Consider this: in North America, the boundaries of our nations and of many U.S. states have their origins in the original borders put in place by the Europeans who colonized this continent beginning in the early sixteenth century. Florida was Spanish territory; Louisiana was Spanish too until it was ceded to the French. Canada was French until 1763, as were large swaths of the northern Midwest. Our current border with Mexico is only the latest iteration of the boundary between “New Spain” – which at one time included Texas, New Mexico, Arizona, and California – and the United States of America. Even Russia played along, staking a claim in Alaska and even establishing a little pied-à-terre in northern California.

All the nations that created colonies in North America were also fighting one another in Europe. The descendants of the barbarians that once sacked Rome lined up massive armies on the fields of France, Germany, Spain, the Netherlands, and England. They fought over many things, but in the years most associated with the colonizing of North America (let’s say 1550-1763), they mostly fought about religion. The borders of these nations shifted after each war, with slivers of territory changing hands, and when individuals, families, and, in a few cases, entire religious sects found themselves without safe homes, many left Europe to go overseas, where in most cases they found enough empty land that they could (temporarily) stop fighting about religion. Think the Puritans are assholes? Go to New York. French too Catholic for you? Go south. The land itself, which seemed limitless at first, became the primary object up for dispute. The French lost Canada to the British in 1763. The British lost its American colonies in 1783. The United States bought Louisiana and much of the Midwest and northwest from France in 1803. After a series of skirmishes and one big war, Mexico retreated to its current border in 1848, leaving behind thousands of Spanish speakers who never stopped speaking its language, eating its food, and practicing its traditions.
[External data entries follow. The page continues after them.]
(* Consider an ontological model with two-element ontic state space $\Lambda=\{0,1\}$. Four preparation procedures $P_T,P_{\tilde T},P_\eta,P_{\tilde\eta}$ are represented by probability distributions (epistemic states) $\mu_T,\mu_{\tilde T},\mu_\eta,\mu_{\tilde\eta}$ on $\Lambda$, and these satisfy the preparation-noncontextuality constraint $$\mu_T(i)+\mu_{\tilde T}(i)=\mu_\eta(i)+\mu_{\tilde\eta}(i)\qquad\text{for all } i\in\Lambda .$$ A binary two-copy comparison measurement $M_{\mathrm{swap}}$ with outcomes pass/fail is represented by the SWAP-like response function $\xi_{\mathrm{pass}}(i,j)$ on pairs of ontic states given by the matrix $$\Xi_q=\begin{pmatrix}1&q\\ q&1\end{pmatrix},\qquad q\in[0,1),$$ i.e. $\xi_{\mathrm{pass}}(i,i)=1$ and $\xi_{\mathrm{pass}}(i,j)=q$ for $i\neq j$. Assume further there is a sharp single-copy binary test $M_T=\{T,\tilde T\}$, represented by a response function $\xi_{T}:\Lambda\to[0,1]$ (with $\xi_{\tilde T}=1-\xi_T$), such that $$p(T|M_T,P_T)=\sum_i \xi_T(i)\mu_T(i)=1,\qquad p(T|M_T,P_{\tilde T})=\sum_i\xi_T(i)\mu_{\tilde T}(i)=0,$$ and let $c:=p(T|M_T,P_\eta)=\sum_i\xi_T(i)\mu_\eta(i)$ be the confusability. Let $\eta_1,\eta_2\ge0$ with $\eta_1+\eta_2=1$ be given priors. Define $$p_{\mathrm{pur}}=\sum_{i,j}\xi_{\mathrm{pass}}(i,j)\mu_T(i)\mu_T(j),\qquad p_{\mathrm{mix}}^{(p)}=\sum_{i,j}\xi_{\mathrm{pass}}(i,j)\mu_T(i)\mu^{(p)}_\eta(j),$$ where for $p\in S_2$ (identity or swap), $\mu_\eta^{(\mathrm{id})}=\mu_\eta$ and $\mu_\eta^{(\mathrm{swap})}(i)=\mu_\eta(1-i)$, and define the operational discriminability score $$D_{\mathrm{op}}=\max_{p\in S_2}\Big[(2p_{\mathrm{mix}}^{(p)}-1)+2\sqrt{\eta_1\eta_2(1-p_{\mathrm{pur}})}\Big].$$ Then $$D_{\mathrm{op}}\le 1-2(1-q)\min\{c,1-c\}.$$ In particular, after relabeling so that $c\le\tfrac12$, $D_{\mathrm{op}}\le 1-2(1-q)c$.
   Context: In an ontological model each preparation $P$ is represented by a probability distribution $\mu_P$ on the ontic space $\Lambda$, each measurement outcome $k$ of a measurement $M$ by a response function $\xi_{k|M}(\lambda)\in[0,1]$ with $\sum_k\xi_{k|M}=1$, and operational probabilities are $p(k|M,P)=\sum_\lambda\xi_{k|M}(\lambda)\mu_P(\lambda)$. For two-copy measurements on independently prepared systems the pass probability is $\sum_{i,j}\xi_{\mathrm{pass}}(i,j)\mu_P(i)\mu_{P'}(j)$. The constraint $\mu_T+\mu_{\tilde T}=\mu_\eta+\mu_{\tilde\eta}$ expresses preparation noncontextuality applied to the operational equivalence $\tfrac12P_T+\tfrac12P_{\tilde T}\simeq\tfrac12P_\eta+\tfrac12P_{\tilde\eta}$ of 50–50 mixtures. *)

From HB Require Import structures.
From mathcomp Require Import all_boot all_order all_algebra.
Set Implicit Arguments. Unset Strict Implicit. Unset Printing Implicit Defensive.
Import Order.TTheory GRing.Theory Num.Theory.
Local Open Scope ring_scope.

(* Ontic state space Lambda = {0,1} is 'I_2. *)

Definition is_distr (R : realFieldType) (mu : 'I_2 -> R) : Prop :=
  (forall i, 0 <= mu i) /\ \sum_(i < 2) mu i = 1.

Definition is_response (R : realFieldType) (xi : 'I_2 -> R) : Prop :=
  forall i, 0 <= xi i <= 1.

Definition xi_pass (R : realFieldType) (q : R) (i j : 'I_2) : R :=
  if i == j then 1 else q.

Definition prob1 (R : realFieldType) (xi mu : 'I_2 -> R) : R :=
  \sum_(i < 2) xi i * mu i.

Definition prob_pass (R : realFieldType) (q : R) (mu mu' : 'I_2 -> R) : R :=
  \sum_(i < 2) \sum_(j < 2) xi_pass q i j * mu i * mu' j.

(* Relabeling of ontic states by p in S_2: identity or swap (i |-> 1 - i). *)
Definition relabel (R : realFieldType) (swap : bool) (mu : 'I_2 -> R) : 'I_2 -> R :=
  fun i => if swap then mu (rev_ord i) else mu i.

Definition p_pur (R : realFieldType) (q : R) (muT : 'I_2 -> R) : R :=
  prob_pass q muT muT.

Definition p_mix (R : realFieldType) (q : R) (swap : bool) (muT mueta : 'I_2 -> R) : R :=
  prob_pass q muT (relabel swap mueta).

Definition D_op (R : rcfType) (q eta1 eta2 : R) (muT mueta : 'I_2 -> R) : R :=
  let score (swap : bool) :=
    (2 * p_mix q swap muT mueta - 1) + 2 * Num.sqrt (eta1 * eta2 * (1 - p_pur q muT)) in
  Num.max (score false) (score true).

From HB Require Import structures.
From mathcomp Require Import all_boot all_order all_algebra.
From mathcomp Require Import lra.
Set Implicit Arguments. Unset Strict Implicit. Unset Printing Implicit Defensive.
Import Order.TTheory GRing.Theory Num.Theory.
Local Open Scope ring_scope.

(* A test that passes P_T surely and P_T~ never forces mu_T and xi_T to be the
   point mass, resp. the indicator, of one ontic state k.  Then p_pur = 1, so the
   square-root term vanishes, c = mu_eta(k), and the two relabelings give
   2 p_mix - 1 = 1 - 2(1 - q)(1 - c) and 1 - 2(1 - q)c: the bound holds with
   equality. *)

Section TwoStates.

Variable R : realFieldType.
Implicit Types (mu nu xi : 'I_2 -> R) (k : 'I_2).

Lemma sum_ord2_rev (F : 'I_2 -> R) k : \sum_(i < 2) F i = F k + F (rev_ord k).
Proof.
rewrite big_ord_recl big_ord1.
have [-> | ->] : k = ord0 \/ k = ord_max.
  by case: k => [[|[|]]] // ?; [left | right]; apply: val_inj.
- by congr (F _ + F _); apply: val_inj.
- by rewrite addrC; congr (F _ + F _); apply: val_inj.
Qed.

Lemma eq_rev_ord2F k : (k == rev_ord k) = false.
Proof. by apply/negbTE; case: k => [[|[|]]]. Qed.

Lemma distr_rev_ord mu k : is_distr mu -> mu (rev_ord k) = 1 - mu k.
Proof. by case=> _; rewrite (sum_ord2_rev _ k) => <-; rewrite addrC addKr. Qed.

Lemma prob1_eq1_support xi mu :
  is_response xi -> is_distr mu -> prob1 xi mu = 1 -> forall i, (1 - xi i) * mu i = 0.
Proof.
move=> xi01 [mu_ge0 mu_sum] xi_mu.
have sum0 : \sum_(i < 2) (1 - xi i) * mu i = 0.
  under eq_bigr do rewrite mulrBl mul1r.
  by rewrite sumrB mu_sum -xi_mu subrr.
move=> i; apply: (psumr_eq0P _ sum0) => // j _.
by have /andP[_ xi_le1] := xi01 j; rewrite mulr_ge0 ?subr_ge0.
Qed.

Lemma prob1_eq0_support xi mu :
  is_response xi -> is_distr mu -> prob1 xi mu = 0 -> forall i, xi i * mu i = 0.
Proof.
move=> xi01 [mu_ge0 _] xi_mu i.
apply: (psumr_eq0P _ xi_mu) => // j _.
by have /andP[xi_ge0 _] := xi01 j; rewrite mulr_ge0.
Qed.

Lemma sharp_test_point_mass xi muT muTt :
    is_response xi -> is_distr muT -> is_distr muTt ->
    prob1 xi muT = 1 -> prob1 xi muTt = 0 ->
  exists k, [/\ muT k = 1, muT (rev_ord k) = 0, xi k = 1 & xi (rev_ord k) = 0].
Proof.
move=> xi01 dT dTt xi_T xi_Tt.
have suppT := prob1_eq1_support xi01 dT xi_T.
have suppTt := prob1_eq0_support xi01 dTt xi_Tt.
have [k muTk_neq0] : exists k, muT k != 0.
  have [muT0 | ] := eqVneq (muT ord0) 0; last by exists ord0.
  by exists (rev_ord ord0); rewrite (distr_rev_ord _ dT) muT0 subr0 oner_neq0.
have xik : xi k = 1.
  apply/eqP; move/eqP: (suppT k).
  by rewrite mulf_eq0 (negbTE muTk_neq0) orbF subr_eq0 eq_sym.
have muTtk : muTt k = 0 by move: (suppTt k); rewrite xik mul1r.
have xirk : xi (rev_ord k) = 0.
  by move: (suppTt (rev_ord k)); rewrite (distr_rev_ord _ dTt) muTtk subr0 mulr1.
have muTrk : muT (rev_ord k) = 0 by move: (suppT (rev_ord k)); rewrite xirk subr0 mul1r.
have muTk : muT k = 1 by move: muTrk; rewrite (distr_rev_ord _ dT); lra.
by exists k.
Qed.

Lemma prob1_indicator xi mu k :
  xi k = 1 -> xi (rev_ord k) = 0 -> prob1 xi mu = mu k.
Proof. by move=> xik xirk; rewrite /prob1 (sum_ord2_rev _ k) xik xirk mul1r mul0r addr0. Qed.

Lemma prob_pass_point_mass q mu nu k :
  mu k = 1 -> mu (rev_ord k) = 0 -> prob_pass q mu nu = nu k + q * nu (rev_ord k).
Proof.
move=> muk murk; rewrite /prob_pass (sum_ord2_rev _ k) murk.
under [X in _ + X]eq_bigr do rewrite mulr0 mul0r.
rewrite big1_eq addr0 (sum_ord2_rev _ k) muk /xi_pass eqxx eq_rev_ord2F.
by rewrite !mulr1 mul1r.
Qed.

End TwoStates.

Lemma max_subr_mul_min (R : realDomainType) (a b x y : R) :
  0 <= a -> Num.max (b - a * x) (b - a * y) = b - a * Num.min x y.
Proof.
move=> a_ge0; have [xy | yx] := leP x y.
- by rewrite max_l // lerD2l lerN2; apply: ler_wpM2l.
- by rewrite max_r // lerD2l lerN2; apply/ler_wpM2l/ltW.
Qed.

Lemma D_op_point_mass (R : rcfType) (q eta1 eta2 : R) (muT mueta : 'I_2 -> R) k :
    muT k = 1 -> muT (rev_ord k) = 0 -> is_distr mueta ->
  D_op q eta1 eta2 muT mueta
    = Num.max (1 - 2 * (1 - q) * (1 - mueta k)) (1 - 2 * (1 - q) * mueta k).
Proof.
move=> muTk muTrk deta.
rewrite /D_op /p_pur /p_mix !(prob_pass_point_mass _ _ muTk muTrk) muTk muTrk /relabel.
rewrite rev_ordK (distr_rev_ord _ deta) mulr0 addr0 subrr mulr0 sqrtr0 mulr0 addr0.
by congr Num.max; lra.
Qed.

Theorem theorem1 (R : rcfType)
    (muT muTt mueta muetat xiT : 'I_2 -> R) (q eta1 eta2 : R)
    (hT : is_distr muT) (hTt : is_distr muTt)
    (heta : is_distr mueta) (hetat : is_distr muetat)
    (hPNC : forall i, muT i + muTt i = mueta i + muetat i)
    (hq : 0 <= q < 1)
    (hxi : is_response xiT)
    (hsharp1 : prob1 xiT muT = 1) (hsharp0 : prob1 xiT muTt = 0)
    (heta1 : 0 <= eta1) (heta2 : 0 <= eta2) (heta12 : eta1 + eta2 = 1) :
  let c := prob1 xiT mueta in
  D_op q eta1 eta2 muT mueta <= 1 - 2 * (1 - q) * Num.min c (1 - c).
Proof.
have [k [muTk muTrk xik xirk]] := sharp_test_point_mass hxi hT hTt hsharp1 hsharp0.
have scale_ge0 : 0 <= 2 * (1 - q) by case/andP: hq => _ q_lt1; lra.
rewrite /= (prob1_indicator _ xik xirk) (D_op_point_mass _ _ _ muTk muTrk heta).
by rewrite max_subr_mul_min // minC.
Qed.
The Europeans kept fighting, for a while. France tore itself into pieces after its revolution, then united under Napoleon and turned its ire outwards. Traumatized, the continent quieted down for a while. Then the German states united under Bismarck, the Italian states under Garibaldi. The British held on to their Indian and South African colonies with  teeth and nails, while fighting the Russians in the Crimea and the Irish on their own borders. Archduke Franz Ferdinand was assassinated in Sarajevo, kicking off the event that most historians now agree was hardly the first world war. Punitive tactics in the Treaty of Versailles and a worldwide economic depression made the next war all but inevitable. Europe was divided in two by walls and tanks and guns and conflicting ideologies. Even when I went to elementary school in the 1980’s, history was the study of warfare and borders. North and South Korea; North and South Vietnam. Estonia, Latvia, Lithuania. The R.S.F.S.R. I learned all the SSR’s by heart in seventh grade; the next year the Berlin Wall was down and there were new boundaries to memorize.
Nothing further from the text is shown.